A2.2.5 Sampling Time Relevance

In several cases, the selection of sample closest to the actual event is very significant. In the Democratic Primary Election of 2008, the sampling used for poll prediction was based on samples that were at least three days old, and did not include a significant number of late-deciders. Another exit polling sampling pitfall is using the earliest exit poll samples in order to be first to predict an outcome. This causes only the early voters to be counted, and the late voters are not counted to the same proportion.

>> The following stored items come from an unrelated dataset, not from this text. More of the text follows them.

Section scaled_tail.
Context {d : measure_display} {T : measurableType d} {R : realType}.
Variables (P : probability T R) (Zw Z1 Z2 W U1 U2 : T -> R) (bw b1 b2 : R).
Hypotheses (mZw : measurable_fun setT Zw) (mZ1 : measurable_fun setT Z1)
  (mZ2 : measurable_fun setT Z2) (mW : measurable_fun setT W)
  (mU1 : measurable_fun setT U1) (mU2 : measurable_fun setT U2).
Hypotheses (bw0 : 0 < bw) (b10 : 0 < b1) (b20 : 0 < b2).
Hypotheses (Zw_ge0 : P [set t | 0 <= Zw t] = 1%E)
  (Zw_le : P [set t | Zw t <= bw] = 1%E).
Hypotheses (Z1_ge0 : P [set t | 0 <= Z1 t] = 1%E)
  (Z1_le : P [set t | Z1 t <= b1] = 1%E).
Hypotheses (Z2_ge0 : P [set t | 0 <= Z2 t] = 1%E)
  (Z2_le : P [set t | Z2 t <= b2] = 1%E).
Hypothesis indep : forall I1 I2 Bw B1 B2 : set R,
  measurable I1 -> measurable I2 -> measurable Bw -> measurable B1 -> measurable B2 ->
  P (([set t | I1 (Z1 t)] `&` [set t | I2 (Z2 t)]) `&`
     ([set t | Bw (W t)] `&` ([set t | B1 (U1 t)] `&` [set t | B2 (U2 t)]))) =
  (P ([set t | I1 (Z1 t)] `&` [set t | I2 (Z2 t)]) *
   P ([set t | Bw (W t)] `&` ([set t | B1 (U1 t)] `&` [set t | B2 (U2 t)])))%E.

Section fixed_thresholds.
Variables (eps M a x y : R).
Hypotheses (eps0 : 0 <= eps) (Ma : M < a) (Mx : M * b1 < x) (My : M * b2 < y).
Hypotheses (x0 : 0 < x) (y0 : 0 < y).
Hypothesis dominated : forall a b c : R, M < a -> M < b -> M < c ->
  (P ([set t | (a < `|W t|)%R] `&`
      ([set t | (b < U1 t)%R] `&` [set t | (c < U2 t)%R])) <=
   eps%:E * P ([set t | (b < U1 t)%R] `&` [set t | (c < U2 t)%R]))%E.
Lemma cot_pos : 0 < cot a.
Proof. apply Rinv_0_lt_compat, tan_pos. Qed.

Lemma leg_pos k : 0 < leg s k.
Proof.
  destruct k as [|[|j]]; cbn [leg]; try lra.
  apply Rmult_lt_0_compat; [apply pow_lt|]; nra.
Qed.

Lemma axis_param_lt_1 k : axis_param s k < 1.
Proof.
  destruct k as [|[|j]]; cbn [axis_param]; try lra;
    [rewrite <- Rinv_1 | rewrite <- Rinv_1]; apply Rinv_lt_contravar; lra.
Qed.

Lemma axis_param_pos k : (1 <= k)%nat -> 0 < axis_param s k.
Proof. intros Hk; destruct k as [|[|j]]; [lia| |]; cbn; apply Rinv_0_lt_compat; lra. Qed.

(* The y-axis crossings of two consecutive legs lie at the same distance from their
   common apex. *)
Lemma axis_param_leg_sum k :
  axis_param s k * leg s k + axis_param s (S k) * leg s (S k) = leg s k.
Proof. destruct k as [|[|j]]; cbn [axis_param leg pow]; field; lra. Qed.

Lemma leg_gap k z z' :
  0 <= z <= axis_param s k -> 0 <= z' <= axis_param s (S k) ->
  z' * (leg s (S k) * cot a) <= (1 - z) * (leg s k * cot a).
Proof.
  intros Hz Hz'.
  pose proof (axis_param_leg_sum k). pose proof (leg_pos k). pose proof (leg_pos (S k)).
  rewrite <- !Rmult_assoc; apply Rmult_le_compat_r; [apply Rlt_le, cot_pos|].
  nra.
Qed.

Lemma leg_dir_sqr_le_1 k : leg_dir a k ^ 2 <= 1.
Proof.
  pose proof tan_pos; pose proof tan_le_1; unfold leg_dir.
  destruct (sign_cases k) as [-> | ->]; nra.
Qed.

Lemma apex_succ k : Tapex a s (S k) = leg_point a s k 1.
Proof.
  pose proof tan_pos.
  unfold leg_point, leg_dir, frame.
  destruct k as [|[|j]]; cbn [Tapex leg fst snd]; f_equal; rewrite ?pow_opp; cbn [pow];
    unfold cot; field; lra.
Qed.

Lemma leg_point_before k z :
  leg_point a s k z = frame (Tapex a s (S k)) (leg_dir a k) (- ((1 - z) * (leg s k * cot a))) 0.
Proof. rewrite apex_succ; unfold leg_point; rewrite frame_frame; f_equal; ring. Qed.

Lemma leg_point_after k z :
  leg_point a s (S k) z = frame (Tapex a s (S k)) (leg_dir a k) 0 (z * (leg s (S k) * cot a)).
Proof. unfold leg_point; rewrite leg_dir_S, frame_opp; reflexivity. Qed.

Lemma leg_point_axis k z :
  axis_param s k * fst (leg_point a s k z) = (axis_param s k - z) * fst (Tapex a s k).
Proof.
  pose proof tan_pos.
  unfold leg_point, leg_dir, frame.
  destruct k as [|[|j]]; cbn [Tapex leg axis_param fst]; rewrite ?pow_opp; cbn [pow];
    unfold cot; field; lra.
Qed.

Lemma mh_candidate_leg_point rho j prev p :
  mh_candidate a s rho j prev p -> exists z, 0 <= z /\ p = leg_point a s (S j) z.
Proof.
  intros [z [Hz [-> _]]]; exists z; split; [exact Hz|].
  rewrite (apex_succ (S j)); unfold leg_point, frame; cbn [fst snd]; f_equal; ring.
Qed.

Lemma apex_boundary k :
  let T := Tapex a s (S k) in
  (fst T - snd T * tan a = fst (Xreq s k) /\ fst T + snd T * tan a = fst (Xreq s (S k))) \/
  (fst T - snd T * tan a = fst (Xreq s (S k)) /\ fst T + snd T * tan a = fst (Xreq s k)).
Proof.
  pose proof tan_pos; cbn zeta.
  destruct k as [|m]; cbn [Tapex Xreq fst snd]; unfold cot.
  - left; split; field; lra.
  - rewrite !pow_opp; cbn [pow].
    destruct (sign_cases m) as [E|E]; rewrite E; [right|left]; split; field; lra.
Qed.

Lemma in_FC_frame k P :
  in_FC a s (S k) P ->
  exists x y, 0 <= x /\ 0 <= y /\ P = frame (Tapex a s (S k)) (tan a) x y.
Proof.
  intros [_ Hcover]. pose proof tan_pos as Ht.
  pose proof (apex_boundary k) as Hapex; cbn zeta in Hapex.
  set (T := Tapex a s (S k)) in *.
  assert (Hbound : fst P - snd P * tan a <= fst T - snd T * tan a /\
                   fst T + snd T * tan a <= fst P + snd P * tan a).
  { pose proof (Hcover k (Nat.le_succ_diag_r k)) as H1.
    pose proof (Hcover (S k) (le_n (S k))) as H2.
    destruct Hapex as [[-> ->] | [-> ->]]; lra. }
  exists ((fst P + snd P * tan a - (fst T + snd T * tan a)) / (2 * tan a)).
  exists ((fst T - snd T * tan a - (fst P - snd P * tan a)) / (2 * tan a)).
  repeat split.
  - apply Rmult_le_pos; [lra | apply Rlt_le, Rinv_0_lt_compat; lra].
  - apply Rmult_le_pos; [lra | apply Rlt_le, Rinv_0_lt_compat; lra].
  - destruct P as [px py]; unfold frame; cbn [fst snd]; f_equal; field; lra.
Qed.

Lemma in_FC_leg_frame k j P :
  in_FC a s (S k) P ->
  exists x y, 0 <= x /\ 0 <= y /\ P = frame (Tapex a s (S k)) (leg_dir a j) x y.
Proof.
  intros HP; destruct (in_FC_frame k P HP) as [x [y [Hx [Hy ->]]]]; unfold leg_dir.
  destruct (sign_cases j) as [-> | ->].
  - exists x, y; rewrite Rmult_1_l; auto.
  - exists y, x; rewrite <- frame_opp; repeat split; auto; f_equal; ring.
Qed.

Also, using exit polling counts working public and absentee balloters disproportionately.

In the context of application of Sampling for e-discovery, there could be significant time periods when there was ESI and if these time periods are not properly selected, the final predictions may be completely inaccurate. As an example, if there was a significant corporate malfeasance during a certain date range, a stratified sample that treats that date range as more relevant should be considered.

A2.2.6 Sampling Continuous Stream

If the entire ESI collection is not available, one is forced to sample a stream of documents. A fundamental assumption is that the nature of the document collection does not change mid-stream. If this is not the case, samples taken at various points in time will reflect localized variations and will not reflect the true collection. Where possible, sampling should isolate collections into various strata and apply sampling within each strata independently.